DD200620B1 - METHOD FOR PRODUCING STABILIZED, WEIGHTED COPOLYMER DISPERSIONS - Google Patents

Description

Field of application of the invention

The invention relates to a process for the preparation of stable, aqueous copolymer dispersions by free-radically initiated emulsion polymerization. The dispersions are suitable for the production of water-resistant, weather-resistant coating and attachment systems on different substrates

Characteristic of the known technical solutions

The need to produce environmentally friendly coating systems is leading to a progressive reduction in the use of solventborne binders. The technically feasible and already widely used route is the use of aqueous dispersion binders prepared by known emulsion polymerization processes The stability of the disperse, metastable systems necessary for coating systems and their application requires the use of emulsifiers and stabilizers of the most varied types, including protective colloids

These known stabilizing agents are more or less water-soluble, have considerable hygroscopic properties, which is bound to their functionality necessary but they give the polymer film obtained from the dispersion usually undesirable water sensitivity

The amount of emulsifiers and stabilizers depends on their specific effectiveness, but also on the character of the polymer in a decisive manner on the particle size of the disperse system Thus, finely dispersed latexes require due to their high "inner surface" significantly higher amounts of surfactant to stabilize against mechanical or chemical stress as coarsely dispersed systems (OS 2608624)
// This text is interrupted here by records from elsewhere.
Theorem theorem4p1 (T : finType) (e : rel T)
  (e_sym : symmetric e) (e_irr : irreflexive e)
  (n g : nat) (hn : #|T| = n) (hn3 : 3 <= n) (hg : g <= (n - 3)./2)
  (hconn : connected_graph e) :
  ((exists S : {set T}, Rg_cutset e g S) /\ kappa_g e g = 2)
  <->
  ( (kappa e = 2 /\
       exists u v : T, u != v /\ Rg_cutset e g [set u; v])
    \/
    (kappa e = 1 /\ 1 <= g /\
       (forall u : T, cut_vertex e u ->
          exists2 C, C \in comps e [set u] & #|C| <= g) /\
       ((exists v : T, cut_vertex e v /\ 3 <= #|comps e [set v]| /\
           exists2 C, C \in comps e [set v] &
             #|C| = 1 /\
             forall C', C' \in comps e [set v] -> C' != C -> g.+1 <= #|C'|)
        \/
        (exists x y : T, x != y /\ ~~ cut_vertex e x /\ ~~ cut_vertex e y /\
           Rg_cutset e g [set x; y])))).
Proof.
have kappa_pos : 0 < kappa e by apply: kappa_gt0; rewrite // hn; lia.
split.
- case=> [[S0 RS0] kg2].
  have Rg_ge2 S : Rg_cutset e g S -> 1 < #|S| by rewrite -kg2; apply: kappa_g_le.
  have [S RS] := kappa_g_attained RS0; rewrite kg2 => /eqP/cards2P[u [v [uv ES]]].
  subst S; have cut_uv : cutset e [set u; v] by case/andP: RS.
  have [k1|k2] : kappa e = 1 \/ kappa e = 2.
    by have := kappa_le cut_uv; rewrite cards2 uv; lia.
  2: by left; split=> //; exists u, v.
  have small := (Rg_cutset_ge2P hconn e_sym g).2 Rg_ge2.
  right; split=> //; split; last by split=> //; exact: Rg_pair_cases RS small.
  have [S1 cut_S1] := kappa_attained cut_uv; rewrite k1 => /eqP/cards1P[w ES1].
  case: g {hg RS0 kg2 RS small} Rg_ge2 => // Rg0_ge2.
  by have := Rg0_ge2 _ (cutset_Rg0 cut_S1); rewrite ES1 cards1.
- case=> [[k2 [u [v [uv RS]]]] | [k1 [g1 [small pendant]]]].
    split; first by exists [set u; v].
    apply: kappa_g_eq; first by exists [set u; v]; rewrite // cards2 uv.
    by move=> S /andP[cutS _]; rewrite -k2; apply: kappa_le.
  have [S RS S2] : exists2 S, Rg_cutset e g S & #|S| = 2.
    case: pendant => [[v [_ /(pendant_Rg_pair e_sym)[x [vx RS]]]] | [x [y [xy [_ [_ RS]]]]]].
      by exists [set v; x]; rewrite ?cards2 ?vx.
    by exists [set x; y]; rewrite ?cards2 ?xy.
  split; first by exists S.
  by apply: kappa_g_eq; [exists S | apply/(Rg_cutset_ge2P hconn e_sym)].
Qed.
In addition, finely divided dispersions prepared by emulsion polymerization are produced by increased surfactant use (methods of organic chemistry, Houben-Weyl, Bd XIV / 1.1961, S 375, OS 2608624), ie the amount of emulsifier based on the polymer decreases in such cases In addition to the use of surfactants and protective colloids, there are a number of other known ways to ensure the stability of polymer dispersions

Thus, it is technically customary to use monomers having strongly hydrophilic groups in the polymerization as comonomers which impart considerable self-stabilization to the polymer particles, especially after the neutralization of the mostly acidic groups. Unsaturated polymerizable carboxylic acids, such as acrylic acid, methacrylic acid, itaconic acid, maleic acid or maleate monoester and vinyl sulfonate Examples thereof (OS 2608024, Methods of Organic Chemistry, Houben-Weyl, Bd XIV / 1, 1961, S 185-190)

Modified procedures provide prepolymerization ζ B of acrylic acid in the polymerization reactor and subsequent polymerization of technically conventional monomer combinations oriented to the application (OS 2 365789, OS 2 538183).

A corresponding functionalization of the polymer, durch B by increased concentration of Kai ι u peroxid! Sulfate used as initiator is a possible way (B Jacobi, Angew Chem, 64, 1952, No 19/20, S 540, methods of organic chemistry , Houben-Weyl, Bd XIV / 1,1961, S 184)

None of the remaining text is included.